C:\windows\ccmcache\2o\Deploy-Application.exe
C:\WINDOWS\ccmcache\6\Deploy-Application.exe
C:\WINDOWS\ccmcache\15\Deploy-Application.exe
C:\WINDOWS\ccmcache\m\Deploy-Application.exe
C:\WINDOWS\ccmcache\1g\Deploy-Application.exe
C:\windows\ccmcache\2r\Deploy-Application.exe
C:\windows\ccmcache\1l\Deploy-Application.exe
C:\windows\ccmcache\2s\Deploy-Application.exe
or
C:\Users\user23452345\temp\test\1\Another1-Application.exe
C:\Users\user1324asdf\temp\Another-Applicatiooon.exe
C:\Users\user23452---5\temp\lili\Another-Application.exe
C:\Users\user23hkjhf_5\temp\An0ther-Application.exe
As a human, I can recognize that these strings are similar and match them fairly easily with some regex in code. My issue however is to find these patterns in the first place as there are far too many of those, completely unknown to me and are changing frequently.
My goal is to write a python script that finds these similar strings with a degree of certainty and groups them for me.
Which methods, libraries, keywords etc. should I look into to solve this problem?
One possible way is to approach this by calculating the distance between strings. For that, you could use the textdistance lib.
Hope this helps!
Edit:
Two starting points to get more familiarized with the subject:
https://en.wikipedia.org/wiki/Edit_distance
https://en.wikipedia.org/wiki/Levenshtein_distance
Try fuzzywuzzy, a soft string matcher. It makes a difference if you keep the strings as they are or lower case them first:
from fuzzywuzzy import fuzz
import itertools
lines = [
'C:\windows\ccmcache\1d\Deploy-Application.exe',
'C:\WINDOWS\ccmcache\m\Deploy-Application.exe',
'user5323\A-different-Application.bat',
]
for line1, line2 in itertools.combinations(lines, r=2):
case_match = fuzz.ratio(line1, line2)
insensitive_case_match = fuzz.ratio(line1.lower(), line2.lower())

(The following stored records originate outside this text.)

(* Let $z_0\in\mathbb{R}^n$ be a row vector with $z_0[i]\ge0$ for $i\in\mathcal{V}$, $z_0[(i,j)]=0$ for $(i,j)\in\mathcal{E}$, and $\sum_j z_0[j]>0$, and define $z_k=z_{k-1}M_k$ for $k\ge1$. Let $\mu_z$ satisfy $0<\mu_z\le\sum_j z_0[j]$, let $c=\min\{M[a,b]: M\in\mathcal{M},\,M[a,b]>0\}$, let $l$ be a positive integer such that for every $i\in\mathcal{V}$ there exist $l$ matrices in $\mathcal{M}$ (possibly repeated) whose product, in some order, has all entries of its column indexed by $i$ strictly positive, and set $\mu=\mu_z c^l/n$. Then for each $i\in\mathcal{V}$, with probability $1$, $z_k[i]\ge\mu$ for infinitely many $k$.
   Context: Let $\mathcal{G}=(\mathcal{V},\mathcal{E})$ be a strongly connected directed graph with $\mathcal{V}=\{1,\dots,m\}$, with a self-loop $(i,i)\in\mathcal{E}$ at every node. Let $\mathcal{O}_i=\{j:(i,j)\in\mathcal{E}\}$ and $D_i=|\mathcal{O}_i|$. At each time step $k\ge1$ each link $(i,j)\in\mathcal{E}$ is reliable with probability $q_{ij}\in(0,1]$, independently across links and across time steps; let $X_k[i,j]=1$ if $(i,j)$ is reliable at step $k$ and $0$ otherwise. Let $n=m+|\mathcal{E}|$ and index vector entries and rows/columns of $n\times n$ matrices by $\mathcal{V}\cup\mathcal{E}$. The random matrix $M_k$ is defined by: for $i\in\mathcal{V}$ and $(i,j)\in\mathcal{E}$, $M_k[i,j]=X_k[i,j]/D_i$ and $M_k[i,(i,j)]=(1-X_k[i,j])/D_i$, all other entries of row $i$ being $0$; for $(i,j)\in\mathcal{E}$, $M_k[(i,j),j]=X_k[i,j]$ and $M_k[(i,j),(i,j)]=1-X_k[i,j]$, all other entries of row $(i,j)$ being $0$. $\mathcal{M}$ denotes the finite set of all $2^{|\mathcal{E}|}$ matrices obtainable this way. *)

From HB Require Import structures.
From mathcomp Require Import all_boot all_order all_algebra.
From mathcomp Require Import all_classical all_reals all_analysis.
Set Implicit Arguments. Unset Strict Implicit. Unset Printing Implicit Defensive.
Import Order.TTheory GRing.Theory Num.Theory.
Local Open Scope ring_scope.
Local Open Scope classical_set_scope.

Definition edge_t (m : nat) (E : {set 'I_m * 'I_m}) : finType :=
  {e : 'I_m * 'I_m | e \in E}.

(* Index set V \cup E (disjoint union): inl i for nodes, inr e for links. *)
Definition idx (m : nat) (E : {set 'I_m * 'I_m}) : finType :=
  ('I_m + edge_t E)%type.

Definition outdeg (m : nat) (E : {set 'I_m * 'I_m}) (i : 'I_m) : nat :=
  #|[set j | (i, j) \in E]|.

(* The matrix M determined by a reliability pattern x : E -> bool
   (x e = true iff link e is reliable). Matrices are functions idx -> idx -> R. *)
Definition Mmat (R : realType) (m : nat) (E : {set 'I_m * 'I_m})
  (x : {ffun edge_t E -> bool}) (a b : idx E) : R :=
  match a, b with
  | inl i, inl j =>
      match @insub _ (fun e => e \in E) (edge_t E) (i, j) with
      | Some e => (x e)%:R / (outdeg E i)%:R
      | None => 0
      end
  | inl i, inr e => if (val e).1 == i then (~~ x e)%:R / (outdeg E i)%:R else 0
  | inr e, inl j => if (val e).2 == j then (x e)%:R else 0
  | inr e, inr e' => if e == e' then (~~ x e)%:R else 0
  end.

Definition vmul (R : realType) (I : finType) (z : I -> R) (M : I -> I -> R) : I -> R :=
  fun b => \sum_(a : I) z a * M a b.
Definition mmul (R : realType) (I : finType) (A B : I -> I -> R) : I -> I -> R :=
  fun a b => \sum_(c : I) A a c * B c b.
Definition mid (R : realType) (I : finType) : I -> I -> R :=
  fun a b => (a == b)%:R.
Definition mprod (R : realType) (I : finType) (s : seq (I -> I -> R)) : I -> I -> R :=
  foldr (@mmul R I) (@mid R I) s.

(* c = min { M[a,b] : M in the set of all 2^|E| matrices, M[a,b] > 0 }.
   All entries lie in [0,1], so 1 is a neutral element for this min. *)
Definition cmin (R : realType) (m : nat) (E : {set 'I_m * 'I_m}) : R :=
  \big[Num.min/1]_(x : {ffun edge_t E -> bool})
    \big[Num.min/1]_(a : idx E)
      \big[Num.min/1]_(b : idx E | 0 < Mmat R x a b) Mmat R x a b.

(* z_0 = z0, z_k = z_{k-1} M_k, where M_{k} = Mmat (X (k-1) t). *)
Fixpoint zseq (R : realType) (m : nat) (E : {set 'I_m * 'I_m})
  (z0 : idx E -> R) (Xs : nat -> {ffun edge_t E -> bool}) (k : nat) : idx E -> R :=
  match k with
  | 0 => z0
  | k'.+1 => vmul (zseq z0 Xs k') (Mmat R (Xs k'))
  end.

Definition indep_links (d : measure_display) (T : measurableType d) (R : realType)
  (P : probability T R) (m : nat) (E : {set 'I_m * 'I_m})
  (X : nat -> T -> {ffun edge_t E -> bool}) : Prop :=
  forall (F : seq (nat * edge_t E)) (b : nat * edge_t E -> bool),
    uniq F ->
    P [set t | forall p, p \in F -> X p.1 t p.2 = b p] =
    (\prod_(p <- F) P [set t | X p.1 t p.2 = b p])%E.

print(line1[:10], '...', line1[:-10])
print(line2[:10], '...', line2[:-10])
print(case_match, insensitive_case_match)
print()
C:\windows ... C:\windows\ccmcached\Deploy-Appli
C:\WINDOWS ... C:\WINDOWS\ccmcache\m\Deploy-Appli
80 95
C:\windows ... C:\windows\ccmcached\Deploy-Appli
user5323\A ... user5323\A-different-Appli
42 45
C:\WINDOWS ... C:\WINDOWS\ccmcache\m\Deploy-Appli
user5323\A ... user5323\A-different-Appli
40 45
One fairly straight-forward and simple way would be to simply check for "how much" a pair of strings differ. Like so:
import difflib
from collections import defaultdict
grouping_requirement = 0.75 # (0;1), the closer to 1, the stronger the equality needs to be to be grouped
s = r'''C:\windows\ccmcache\1d\Deploy-Application.exe
C:\WINDOWS\ccmcache\7\Deploy-Application.exe
C:\windows\ccmcache\2o\Deploy-Application.exe
C:\WINDOWS\ccmcache\6\Deploy-Application.exe
C:\WINDOWS\ccmcache\15\Deploy-Application.exe
C:\WINDOWS\ccmcache\m\Deploy-Application.exe
C:\WINDOWS\ccmcache\1g\Deploy-Application.exe
C:\windows\ccmcache\2r\Deploy-Application.exe
C:\windows\ccmcache\1l\Deploy-Application.exe
C:\windows\ccmcache\2s\Deploy-Application.exe
C:\Users\user23452345\temp\test\1\Another1-Application.exe
C:\Users\user1324asdf\temp\Another-Applicatiooon.exe
C:\Users\user23452---5\temp\lili\Another-Application.exe
C:\Users\user23hkjhf_5\temp\An0ther-Application.exe'''
groups = defaultdict(list)
def match_ratio(s1,s2):
return difflib.SequenceMatcher(None,s1,s2).ratio()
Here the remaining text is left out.